When you consider the publication's longstanding fascination with the facial feature, the items begin to make more sense. We went through Slate's archives and tallied up all the eyebrow-centric references from the past five years. As you can see, they had their eye on the brow long before DSK became a three-letter celebrity.

  • "How come that Russian spy still had eyebrows?"  In 2006, Melonyce McAfee explained how former Russian spy Alexander V. Litvinenko died of radiation poisoning despite boasting "a pair of seemingly healthy eyebrows" on his death bed.
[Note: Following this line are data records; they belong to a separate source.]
Fact linear_rep_p v : linear_op (rep_p_fun v).
Proof.
by move=> r f g; apply: funext => z; rewrite /rep_p_fun; case: ifP; rewrite ?mulr0 ?addr0.
Qed.
Fact linear_rep_s l : linear_op (rep_s_fun l).
Proof.
by move=> r f g; apply: funext => z; rewrite /rep_s_fun; case: ifP; rewrite ?mulr0 ?addr0.
Qed.
Fact linear_rep_st l : linear_op (rep_st_fun l).
Proof.
by move=> r f g; apply: funext => z; rewrite /rep_st_fun; case: ifP; rewrite ?mulr0 ?addr0.
Qed.

Definition rep_p v : op := LinOp (linear_rep_p v).
Definition rep_s l : op := LinOp (linear_rep_s l).
Definition rep_st l : op := LinOp (linear_rep_st l).

Notation mul := (linop_algebra R point).

Lemma rep_KP_family : is_KP_family mul rep_p rep_s rep_st.
Proof.
split; [|split; [|split; [|split; [|split]]]].
- by move=> v; apply: linop_ext => f z /=; rewrite /rep_p_fun; case: (ipr z.1 == v).
- move=> v w neq_vw; apply: linop_ext => f z /=; rewrite /rep_p_fun.
  by case: (ipr z.1 =P v) => // ->; rewrite (negPf neq_vw).
- move=> l mu _ _ sl; split; apply: linop_ext => f z /=.
    rewrite /rep_s_fun kd_comp // ipath_compE // ipshift_shift zdegD opprD addrA.
    by case: (z.1 (kd l) == l).
  rewrite /rep_st_fun ks_comp //; case: (ipr z.1 =P ks mu) => // z_mu.
  by rewrite /= ipr_cat // sl eqxx ipcat_comp // kd_comp // zdegD (addrC (zdeg (kd l))) addrA.
- move=> l _; split; apply: linop_ext => f z /=; rewrite /rep_p_fun /rep_s_fun /rep_st_fun.
  + case: (z.1 (kd l) =P l) => [<-|]; first by rewrite kr_ipath eqxx.
    by case: (ipr z.1 == kr l).
  + by case: (z.1 (kd l) =P l) => // z_l; rewrite /= ipr_shift z_l eqxx.
  + by case: (ipr z.1 == ks l).
  + by case: (ipr z.1 =P ks l) => // z_l; rewrite /= ipr_cat // eqxx.
- move=> l mu _ _ d_lmu; apply: linop_ext => f z.
  rewrite /= /rep_s_fun /rep_st_fun -d_lmu.
  case: (l =P mu) => [<-|/eqP neq_lmu]; rewrite /= /rep_p_fun; case: (ipr z.1 =P ks l) => //= z_l.
    by rewrite ipcat_prefix // eqxx ipshift_cat // addrK; case: z z_l.
  by rewrite ipcat_prefix // (negPf neq_lmu).
- move=> v n _ e e_uniq e_vn; apply: linop_ext => f z; rewrite linop_sumE /=.
  transitivity (\sum_(l <- e) (if z.1 n == l then f z else 0)).
    rewrite sum_seq_delta // e_vn ipath_deg eqxx andbT kr_ipath /rep_p_fun.
    by case: (ipr z.1 == v).
  apply: eq_big_seq => l; rewrite e_vn => /andP[_ /eqP dl].
  rewrite /rep_s_fun /rep_st_fun dl; case: (z.1 n =P l) => //= z_l.
  by rewrite ipr_shift z_l eqxx -z_l ipcat_shift subrK; case: z z_l.
Qed.

Lemma rep_s_deg0 l : kd l = dzero k -> rep_s l = rep_p (kr l).
Proof.
move=> dl; apply: linop_ext => f z /=.
rewrite /rep_s_fun /rep_p_fun dl ipath0 ipshift0 zdeg0 subr0 {1}(deg0_kid dl).
by rewrite (inj_eq (@kid_inj k L)); case: z.
Qed.

Lemma rep_st_deg0 l : kd l = dzero k -> rep_st l = rep_p (kr l).
Proof.
move=> dl; apply: linop_ext => f z /=; rewrite /rep_st_fun /rep_p_fun dl zdeg0 addr0.
have sl : ks l = kr l by rewrite {1}(deg0_kid dl) ks_id.
rewrite sl; case: (ipr z.1 =P kr l) => // z_l.
by rewrite (deg0_kid dl) -z_l ipcat_kid; case: z z_l.
Qed.

Definition cylinder (b : P) : fn := fun z => if (z.1 (kd b) == b) && (z.2 == 0) then 1 else 0.

Lemma rep_cylinder a b a0 b0 y :
  ks a = ks b -> kd b = kd b0 -> ks a0 = ks b0 -> ipr y = ks a0 ->
  mul (rep_s a) (rep_st b) (cylinder b0) (ipcat a0 y, zdeg (kd a0) - zdeg (kd b0)) =
  if (a0, b0) == (a, b) then 1 else 0.
Proof.
move=> sab db s_a0b0 y_a0; rewrite /= /rep_s_fun /rep_st_fun /cylinder /=.
have a0y : ks a0 = ipr y by [].
have b0y : ks b0 = ipr y by rewrite y_a0.
case: ((a0, b0) =P (a, b)) => [[<- <-]|neq_ab].
  rewrite ipcat_prefix // eqxx ipshift_cat // -b0y eqxx ipcat_prefix // eqxx.
  by rewrite addrAC subrK subrr eqxx.
case: (ipcat a0 y (kd a) =P a) => [a_pref|//].
case: (ipr _ =P ks b) => [b_r|//]; case: andP => [[/eqP b_pref /eqP]|//].
rewrite db addrAC subrK => /eqP; rewrite subr_eq0 => /eqP/zdeg_inj d_a0a.
move: a_pref b_r b_pref; rewrite -d_a0a ipcat_prefix // => a0a.
rewrite ipshift_cat // -db => b_y; rewrite ipcat_prefix -?b_y // => b_b0.
by case: neq_ab; rewrite a0a b_b0.
Qed.
End InfinitePathRepresentation.

Section NonUnitalAlgebraHom.
Variables (R : comPzRingType) (A B : lmodType R) (mA : nalg_mul A) (mB : nalg_mul B).
Variable f : A -> B.
Hypothesis f_hom : is_nalg_hom mA mB f.

Lemma nalg_hom0 : f 0 = 0.
Proof.
have := (proj1 f_hom) 1 0 0; rewrite !scale1r addr0.
by move/(congr1 (fun t => t - f 0)); rewrite subrr addrK.
Qed.

Lemma nalg_hom_sumZ (I : Type) (r : seq I) (c : I -> R) (x : I -> A) :
  f (\sum_(i <- r) c i *: x i) = \sum_(i <- r) c i *: f (x i).
Proof.
elim: r => [|i r IHr]; first by rewrite !big_nil nalg_hom0.
by rewrite !big_cons (proj1 f_hom) IHr.
Qed.
End NonUnitalAlgebraHom.

Theorem lemma4p1 (k : nat) (L : kgraph k) (R : comPzRingType)
  (A : lmodType R) (mul : nalg_mul A)
  (p : kV L -> A) (s st : kP L -> A) (m : deg_t k) :
  row_finite L -> no_sources L ->
  is_KP_algebra mul p s st ->
  forall (e : seq (kP L * kP L)) (c : kP L * kP L -> R),
    uniq e ->
    (forall ab, ab \in e -> ks ab.1 = ks ab.2 /\ kd ab.2 = m) ->
    \sum_(ab <- e) c ab *: mul (Sfun p s ab.1) (Sfun p st ab.2) = 0 ->
    forall ab, ab \in e -> c ab = 0.
Proof.
move=> _ no_src [_ universal] e c e_uniq e_ab rel [a0 b0] ab0_e.
have [[F [F_hom [F_p F_s]]] _] := universal _ _ _ _ _ (rep_KP_family L R).
have F_Sfun_s a : F (Sfun p s a) = rep_s R a.
  rewrite /Sfun; case: eqP => [/rep_s_deg0 ->|/eqP /F_s[] //]; exact: F_p.
have F_Sfun_st b : F (Sfun p st b) = rep_st R b.
  rewrite /Sfun; case: eqP => [/rep_st_deg0 ->|/eqP /F_s[] //]; exact: F_p.
have [s_a0b0 d_b0] := e_ab _ ab0_e.
have [y y_a0] := ipath_exists no_src (ks a0).
pose z0 := (ipcat a0 y, zdeg (kd a0) - zdeg (kd b0)).
have := congr1 (fun G : linop R _ => G (cylinder R b0) z0) (congr1 F rel).
rewrite /= (nalg_hom_sumZ F_hom) (nalg_hom0 F_hom) linop_sumE.
under eq_big_seq => ab ab_e.
  have [s_ab d_ab] := e_ab _ ab_e.
  rewrite /= (proj2 F_hom) F_Sfun_s F_Sfun_st rep_cylinder ?d_ab ?d_b0 //.
  rewrite -surjective_pairing (fun_if (fun t => c ab * t)) mulr1 mulr0.
  over.
by rewrite sum_seq_delta // ab0_e => ->.
Qed.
  • Rachel Maddow Troy Patterson complimented the MSNBC personality on her "excellent eyebrows" in 2008. He did not, however, care for the premiere of her talk show as a whole.
  • New York Times Public Editor Byron Calame  Taken to task by Jack Shafer in 2006 for not "using his column to give the paper's eyebrows a vigorous plucking" on the question of whether staffers could accept product discounts without compromising their integrity.
  • Unibrow  Specifically, does worrying about your daughter's conjoined eyebrows make you a bad mother? Does it change matters if the daughter's only 7-years-old? "Shallow Mom" appealed to Slate's Dear Prudence advice columnist for answers to those questions and more in a letter last summer.
  • Brow Beat  The name of Slate's culture blog. Just saying.